Within these records, how many lines hold "klab"? Give the number alone.
START DATA EXTRACTS
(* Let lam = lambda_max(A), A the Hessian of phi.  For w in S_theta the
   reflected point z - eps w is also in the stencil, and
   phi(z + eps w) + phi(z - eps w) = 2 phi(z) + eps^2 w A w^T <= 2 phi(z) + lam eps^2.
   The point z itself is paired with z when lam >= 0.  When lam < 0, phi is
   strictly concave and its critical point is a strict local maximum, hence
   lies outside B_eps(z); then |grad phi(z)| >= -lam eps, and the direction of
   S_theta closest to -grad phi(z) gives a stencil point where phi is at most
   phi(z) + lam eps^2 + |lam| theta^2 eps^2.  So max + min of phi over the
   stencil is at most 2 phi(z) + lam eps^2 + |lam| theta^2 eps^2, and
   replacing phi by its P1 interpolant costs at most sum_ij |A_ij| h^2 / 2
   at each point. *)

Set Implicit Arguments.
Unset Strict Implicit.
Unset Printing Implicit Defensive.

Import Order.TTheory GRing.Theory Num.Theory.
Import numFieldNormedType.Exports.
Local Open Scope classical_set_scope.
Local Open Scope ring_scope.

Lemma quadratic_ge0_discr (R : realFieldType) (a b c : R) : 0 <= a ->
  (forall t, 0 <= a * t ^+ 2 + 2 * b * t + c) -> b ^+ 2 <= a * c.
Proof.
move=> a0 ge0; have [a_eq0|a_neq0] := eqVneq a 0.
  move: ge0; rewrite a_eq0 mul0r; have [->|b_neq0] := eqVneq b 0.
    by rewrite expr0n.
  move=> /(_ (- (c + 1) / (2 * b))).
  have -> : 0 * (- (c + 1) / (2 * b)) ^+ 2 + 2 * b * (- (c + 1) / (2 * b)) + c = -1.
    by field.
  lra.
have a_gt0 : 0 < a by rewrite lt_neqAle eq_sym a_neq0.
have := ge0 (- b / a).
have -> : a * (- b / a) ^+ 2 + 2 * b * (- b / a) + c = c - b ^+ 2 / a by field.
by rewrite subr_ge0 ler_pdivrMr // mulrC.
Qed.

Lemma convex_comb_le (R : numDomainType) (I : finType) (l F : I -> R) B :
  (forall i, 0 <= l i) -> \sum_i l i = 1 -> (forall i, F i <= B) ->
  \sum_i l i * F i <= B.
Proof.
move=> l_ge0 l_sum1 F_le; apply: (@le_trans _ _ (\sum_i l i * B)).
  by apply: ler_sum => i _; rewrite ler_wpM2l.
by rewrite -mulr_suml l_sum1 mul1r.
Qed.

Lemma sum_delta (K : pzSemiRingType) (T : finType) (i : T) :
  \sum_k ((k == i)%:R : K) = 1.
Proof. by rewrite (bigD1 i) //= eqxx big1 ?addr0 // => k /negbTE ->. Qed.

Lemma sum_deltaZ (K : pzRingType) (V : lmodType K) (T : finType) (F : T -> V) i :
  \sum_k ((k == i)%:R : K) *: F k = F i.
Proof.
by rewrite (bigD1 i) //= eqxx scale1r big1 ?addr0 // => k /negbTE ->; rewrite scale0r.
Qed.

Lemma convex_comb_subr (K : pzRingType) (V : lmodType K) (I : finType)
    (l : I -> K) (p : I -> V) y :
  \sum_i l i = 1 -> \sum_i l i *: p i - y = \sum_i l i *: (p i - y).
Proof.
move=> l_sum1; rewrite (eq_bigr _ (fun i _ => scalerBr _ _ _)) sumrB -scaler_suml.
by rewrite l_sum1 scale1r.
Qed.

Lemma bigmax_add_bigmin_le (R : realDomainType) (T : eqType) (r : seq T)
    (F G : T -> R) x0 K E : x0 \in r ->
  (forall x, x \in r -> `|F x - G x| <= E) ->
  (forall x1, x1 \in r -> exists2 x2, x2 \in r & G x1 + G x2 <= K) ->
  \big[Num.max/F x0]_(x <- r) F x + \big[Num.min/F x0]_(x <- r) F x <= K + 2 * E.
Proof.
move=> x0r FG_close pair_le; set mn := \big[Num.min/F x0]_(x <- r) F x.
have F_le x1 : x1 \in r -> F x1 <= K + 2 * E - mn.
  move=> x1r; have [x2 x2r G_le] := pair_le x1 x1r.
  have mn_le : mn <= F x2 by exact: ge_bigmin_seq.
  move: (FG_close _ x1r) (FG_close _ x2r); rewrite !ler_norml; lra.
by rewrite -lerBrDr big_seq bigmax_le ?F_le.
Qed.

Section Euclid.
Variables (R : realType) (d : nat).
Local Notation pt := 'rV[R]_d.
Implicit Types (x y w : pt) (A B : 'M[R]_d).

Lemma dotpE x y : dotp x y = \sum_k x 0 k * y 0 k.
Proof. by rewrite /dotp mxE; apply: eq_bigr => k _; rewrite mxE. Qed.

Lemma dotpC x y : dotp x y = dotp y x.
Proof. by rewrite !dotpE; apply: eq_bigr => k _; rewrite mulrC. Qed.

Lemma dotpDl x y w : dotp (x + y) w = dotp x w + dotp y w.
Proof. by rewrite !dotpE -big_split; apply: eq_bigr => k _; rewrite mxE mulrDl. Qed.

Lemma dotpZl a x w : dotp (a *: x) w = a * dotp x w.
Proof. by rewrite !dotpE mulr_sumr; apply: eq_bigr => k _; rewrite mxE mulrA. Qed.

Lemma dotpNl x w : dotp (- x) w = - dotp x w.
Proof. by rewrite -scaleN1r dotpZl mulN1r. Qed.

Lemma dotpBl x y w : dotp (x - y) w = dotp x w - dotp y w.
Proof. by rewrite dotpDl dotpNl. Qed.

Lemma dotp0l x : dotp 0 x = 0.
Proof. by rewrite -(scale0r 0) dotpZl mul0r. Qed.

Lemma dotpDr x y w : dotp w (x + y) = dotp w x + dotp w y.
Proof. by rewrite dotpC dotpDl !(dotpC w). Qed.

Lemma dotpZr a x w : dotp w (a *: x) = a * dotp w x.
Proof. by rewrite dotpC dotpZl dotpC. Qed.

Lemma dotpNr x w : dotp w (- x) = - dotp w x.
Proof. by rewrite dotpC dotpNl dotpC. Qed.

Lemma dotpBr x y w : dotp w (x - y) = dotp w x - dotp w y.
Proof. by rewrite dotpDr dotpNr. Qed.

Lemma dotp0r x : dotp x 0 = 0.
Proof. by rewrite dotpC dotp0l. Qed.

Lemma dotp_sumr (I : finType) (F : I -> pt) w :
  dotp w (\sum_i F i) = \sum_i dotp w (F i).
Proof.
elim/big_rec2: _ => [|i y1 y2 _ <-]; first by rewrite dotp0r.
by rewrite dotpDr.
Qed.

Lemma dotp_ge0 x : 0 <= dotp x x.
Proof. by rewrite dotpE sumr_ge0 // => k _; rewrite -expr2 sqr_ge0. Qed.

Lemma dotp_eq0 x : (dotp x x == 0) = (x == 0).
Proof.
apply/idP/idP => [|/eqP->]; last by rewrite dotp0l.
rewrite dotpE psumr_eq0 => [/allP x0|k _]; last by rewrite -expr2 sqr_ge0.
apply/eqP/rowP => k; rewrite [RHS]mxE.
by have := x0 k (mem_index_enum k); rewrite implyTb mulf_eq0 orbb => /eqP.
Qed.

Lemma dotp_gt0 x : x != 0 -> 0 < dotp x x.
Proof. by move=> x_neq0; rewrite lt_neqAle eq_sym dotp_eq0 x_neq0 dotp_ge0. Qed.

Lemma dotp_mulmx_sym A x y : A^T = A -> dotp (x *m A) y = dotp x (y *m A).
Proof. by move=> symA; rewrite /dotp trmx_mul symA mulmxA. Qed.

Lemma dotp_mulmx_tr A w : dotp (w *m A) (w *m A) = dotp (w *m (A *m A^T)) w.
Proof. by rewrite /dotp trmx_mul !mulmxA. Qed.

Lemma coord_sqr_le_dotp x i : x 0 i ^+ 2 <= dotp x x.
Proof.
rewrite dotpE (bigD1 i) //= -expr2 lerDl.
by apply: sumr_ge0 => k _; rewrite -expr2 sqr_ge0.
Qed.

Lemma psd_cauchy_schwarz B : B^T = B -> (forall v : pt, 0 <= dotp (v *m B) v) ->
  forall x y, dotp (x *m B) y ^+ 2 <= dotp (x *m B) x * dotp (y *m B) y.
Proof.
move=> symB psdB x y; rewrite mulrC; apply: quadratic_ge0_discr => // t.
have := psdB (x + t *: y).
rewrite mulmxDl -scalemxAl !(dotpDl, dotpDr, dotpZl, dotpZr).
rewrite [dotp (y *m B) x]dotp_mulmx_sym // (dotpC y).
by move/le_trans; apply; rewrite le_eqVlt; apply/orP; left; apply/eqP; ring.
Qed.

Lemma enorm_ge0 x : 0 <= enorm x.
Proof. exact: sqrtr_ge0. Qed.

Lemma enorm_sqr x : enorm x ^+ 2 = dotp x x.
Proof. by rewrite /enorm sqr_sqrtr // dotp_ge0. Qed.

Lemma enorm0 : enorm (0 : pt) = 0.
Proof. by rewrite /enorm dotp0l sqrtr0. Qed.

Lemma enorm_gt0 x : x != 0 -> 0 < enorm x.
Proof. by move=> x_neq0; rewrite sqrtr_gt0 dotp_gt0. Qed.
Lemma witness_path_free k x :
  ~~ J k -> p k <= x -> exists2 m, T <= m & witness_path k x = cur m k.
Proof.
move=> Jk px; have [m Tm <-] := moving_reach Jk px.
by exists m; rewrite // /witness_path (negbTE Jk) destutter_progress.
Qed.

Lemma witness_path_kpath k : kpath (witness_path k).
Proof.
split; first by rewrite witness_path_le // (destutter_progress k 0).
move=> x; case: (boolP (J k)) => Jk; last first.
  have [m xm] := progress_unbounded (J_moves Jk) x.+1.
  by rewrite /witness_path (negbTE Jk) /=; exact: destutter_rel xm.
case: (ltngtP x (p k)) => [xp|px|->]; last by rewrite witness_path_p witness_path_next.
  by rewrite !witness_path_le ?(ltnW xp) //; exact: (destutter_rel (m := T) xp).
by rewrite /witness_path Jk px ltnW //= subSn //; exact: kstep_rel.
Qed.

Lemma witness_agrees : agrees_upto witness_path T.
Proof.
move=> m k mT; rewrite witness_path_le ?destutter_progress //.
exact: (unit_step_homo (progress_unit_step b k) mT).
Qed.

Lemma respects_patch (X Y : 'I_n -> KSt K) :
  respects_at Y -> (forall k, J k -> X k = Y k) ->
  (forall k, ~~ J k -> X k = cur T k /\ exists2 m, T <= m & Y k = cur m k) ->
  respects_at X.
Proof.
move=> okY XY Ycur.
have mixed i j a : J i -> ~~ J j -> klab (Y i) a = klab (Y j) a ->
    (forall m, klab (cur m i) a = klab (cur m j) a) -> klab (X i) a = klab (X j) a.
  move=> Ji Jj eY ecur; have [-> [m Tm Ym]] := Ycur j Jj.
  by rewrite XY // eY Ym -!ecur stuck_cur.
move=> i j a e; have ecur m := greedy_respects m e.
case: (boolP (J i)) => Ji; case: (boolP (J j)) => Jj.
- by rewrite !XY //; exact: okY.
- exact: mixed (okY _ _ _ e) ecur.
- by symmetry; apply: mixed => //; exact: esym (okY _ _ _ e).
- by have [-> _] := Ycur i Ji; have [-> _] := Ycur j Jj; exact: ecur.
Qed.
END DATA EXTRACTS
START DATA EXTRACTS
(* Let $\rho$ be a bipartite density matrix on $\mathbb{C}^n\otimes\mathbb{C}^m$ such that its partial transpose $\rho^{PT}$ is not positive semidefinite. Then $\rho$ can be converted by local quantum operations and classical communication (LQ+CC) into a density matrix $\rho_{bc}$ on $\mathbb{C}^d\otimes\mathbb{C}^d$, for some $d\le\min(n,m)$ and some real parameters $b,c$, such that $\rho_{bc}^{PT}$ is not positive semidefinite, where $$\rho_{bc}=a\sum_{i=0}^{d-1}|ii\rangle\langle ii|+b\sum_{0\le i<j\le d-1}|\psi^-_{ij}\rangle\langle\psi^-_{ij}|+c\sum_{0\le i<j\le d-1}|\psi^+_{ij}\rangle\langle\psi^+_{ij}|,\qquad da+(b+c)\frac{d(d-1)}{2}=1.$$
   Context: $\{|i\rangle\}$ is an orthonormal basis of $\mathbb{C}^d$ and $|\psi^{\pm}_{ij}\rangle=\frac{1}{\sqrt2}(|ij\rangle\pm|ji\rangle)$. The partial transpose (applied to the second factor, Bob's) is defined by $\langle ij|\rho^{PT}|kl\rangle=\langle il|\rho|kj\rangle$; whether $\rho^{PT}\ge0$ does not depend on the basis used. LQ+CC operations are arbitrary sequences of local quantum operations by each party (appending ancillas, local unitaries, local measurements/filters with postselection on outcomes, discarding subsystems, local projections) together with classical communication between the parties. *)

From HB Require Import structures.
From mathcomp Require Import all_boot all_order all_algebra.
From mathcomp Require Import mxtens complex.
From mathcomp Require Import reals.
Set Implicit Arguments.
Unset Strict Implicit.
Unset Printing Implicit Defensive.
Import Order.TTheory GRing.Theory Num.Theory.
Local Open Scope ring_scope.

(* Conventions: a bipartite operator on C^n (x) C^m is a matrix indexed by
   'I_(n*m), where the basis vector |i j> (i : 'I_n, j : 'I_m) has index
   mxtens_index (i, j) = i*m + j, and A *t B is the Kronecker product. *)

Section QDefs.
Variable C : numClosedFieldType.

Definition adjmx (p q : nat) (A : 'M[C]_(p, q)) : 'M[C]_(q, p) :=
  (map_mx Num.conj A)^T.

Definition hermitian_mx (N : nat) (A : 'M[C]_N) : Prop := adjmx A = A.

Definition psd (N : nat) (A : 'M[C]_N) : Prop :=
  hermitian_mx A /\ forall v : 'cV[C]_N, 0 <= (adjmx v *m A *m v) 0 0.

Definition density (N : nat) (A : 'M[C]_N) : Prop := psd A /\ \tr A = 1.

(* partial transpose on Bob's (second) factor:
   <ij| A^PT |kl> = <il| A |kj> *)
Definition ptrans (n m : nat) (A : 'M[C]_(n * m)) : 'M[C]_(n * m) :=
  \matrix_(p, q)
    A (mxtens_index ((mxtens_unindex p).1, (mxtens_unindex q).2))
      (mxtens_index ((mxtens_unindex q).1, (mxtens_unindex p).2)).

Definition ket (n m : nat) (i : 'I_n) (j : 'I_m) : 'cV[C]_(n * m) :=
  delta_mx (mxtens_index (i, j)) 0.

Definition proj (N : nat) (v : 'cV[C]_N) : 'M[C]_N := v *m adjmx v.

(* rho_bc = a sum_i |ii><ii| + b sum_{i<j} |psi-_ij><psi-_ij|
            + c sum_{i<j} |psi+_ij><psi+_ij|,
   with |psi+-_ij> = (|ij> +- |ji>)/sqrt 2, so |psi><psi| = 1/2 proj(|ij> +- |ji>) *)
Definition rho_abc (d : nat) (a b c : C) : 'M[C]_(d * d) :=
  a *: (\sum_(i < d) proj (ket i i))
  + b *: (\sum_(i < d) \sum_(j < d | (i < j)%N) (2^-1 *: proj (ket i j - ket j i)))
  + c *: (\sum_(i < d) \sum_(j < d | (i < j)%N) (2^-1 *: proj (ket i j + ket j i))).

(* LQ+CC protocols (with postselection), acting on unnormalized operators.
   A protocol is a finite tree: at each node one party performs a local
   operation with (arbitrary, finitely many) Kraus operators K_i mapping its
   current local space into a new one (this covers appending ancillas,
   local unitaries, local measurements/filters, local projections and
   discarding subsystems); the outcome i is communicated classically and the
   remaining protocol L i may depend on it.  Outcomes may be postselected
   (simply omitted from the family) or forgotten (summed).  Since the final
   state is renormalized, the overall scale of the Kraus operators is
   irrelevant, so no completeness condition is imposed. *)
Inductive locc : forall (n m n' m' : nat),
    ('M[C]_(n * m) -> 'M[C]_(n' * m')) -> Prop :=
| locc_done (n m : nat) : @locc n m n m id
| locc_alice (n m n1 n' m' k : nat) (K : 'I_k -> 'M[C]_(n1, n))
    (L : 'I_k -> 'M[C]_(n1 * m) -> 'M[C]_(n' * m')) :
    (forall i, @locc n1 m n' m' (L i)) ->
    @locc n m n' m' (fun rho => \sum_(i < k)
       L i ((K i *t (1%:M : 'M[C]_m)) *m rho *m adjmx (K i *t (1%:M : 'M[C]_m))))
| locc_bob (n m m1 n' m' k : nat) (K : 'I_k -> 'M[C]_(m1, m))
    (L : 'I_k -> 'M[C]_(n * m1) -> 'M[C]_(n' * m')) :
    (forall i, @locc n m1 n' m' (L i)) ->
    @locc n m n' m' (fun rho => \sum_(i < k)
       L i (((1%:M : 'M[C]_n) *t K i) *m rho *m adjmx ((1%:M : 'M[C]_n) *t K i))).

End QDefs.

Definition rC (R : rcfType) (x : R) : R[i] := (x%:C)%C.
END DATA EXTRACTS
START DATA EXTRACTS
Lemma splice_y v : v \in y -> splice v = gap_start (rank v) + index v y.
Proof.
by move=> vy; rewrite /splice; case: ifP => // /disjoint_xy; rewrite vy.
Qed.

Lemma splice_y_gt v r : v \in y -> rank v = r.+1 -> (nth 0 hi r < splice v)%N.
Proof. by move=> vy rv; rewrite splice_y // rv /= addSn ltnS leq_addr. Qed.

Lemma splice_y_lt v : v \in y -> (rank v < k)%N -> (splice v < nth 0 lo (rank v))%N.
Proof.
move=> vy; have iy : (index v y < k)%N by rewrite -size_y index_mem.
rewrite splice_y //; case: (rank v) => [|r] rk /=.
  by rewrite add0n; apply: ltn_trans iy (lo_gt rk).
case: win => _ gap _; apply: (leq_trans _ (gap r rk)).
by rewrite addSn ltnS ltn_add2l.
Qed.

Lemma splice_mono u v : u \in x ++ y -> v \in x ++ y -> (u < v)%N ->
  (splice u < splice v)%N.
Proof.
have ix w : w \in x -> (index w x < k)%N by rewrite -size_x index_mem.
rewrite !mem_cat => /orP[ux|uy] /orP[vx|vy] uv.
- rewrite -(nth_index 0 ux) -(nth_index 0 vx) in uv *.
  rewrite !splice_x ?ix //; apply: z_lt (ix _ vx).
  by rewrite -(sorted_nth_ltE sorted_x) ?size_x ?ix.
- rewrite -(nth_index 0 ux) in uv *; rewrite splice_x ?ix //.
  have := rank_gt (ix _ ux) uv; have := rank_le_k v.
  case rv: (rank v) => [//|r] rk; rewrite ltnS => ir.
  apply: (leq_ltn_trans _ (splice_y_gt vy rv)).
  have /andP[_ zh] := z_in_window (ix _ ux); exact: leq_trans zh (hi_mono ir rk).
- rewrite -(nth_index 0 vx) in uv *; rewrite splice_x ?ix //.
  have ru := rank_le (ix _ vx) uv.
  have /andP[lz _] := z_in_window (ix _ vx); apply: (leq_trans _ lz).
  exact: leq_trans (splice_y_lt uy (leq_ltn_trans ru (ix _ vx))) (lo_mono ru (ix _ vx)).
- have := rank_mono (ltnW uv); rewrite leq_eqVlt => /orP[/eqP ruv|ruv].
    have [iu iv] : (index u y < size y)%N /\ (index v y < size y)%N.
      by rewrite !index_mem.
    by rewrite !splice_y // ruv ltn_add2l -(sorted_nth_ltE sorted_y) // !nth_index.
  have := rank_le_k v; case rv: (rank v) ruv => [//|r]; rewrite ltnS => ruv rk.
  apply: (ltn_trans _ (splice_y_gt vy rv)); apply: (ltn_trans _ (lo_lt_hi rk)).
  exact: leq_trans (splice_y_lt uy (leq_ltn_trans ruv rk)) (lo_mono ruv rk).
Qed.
END DATA EXTRACTS
## PROBLEM SOLUTION
2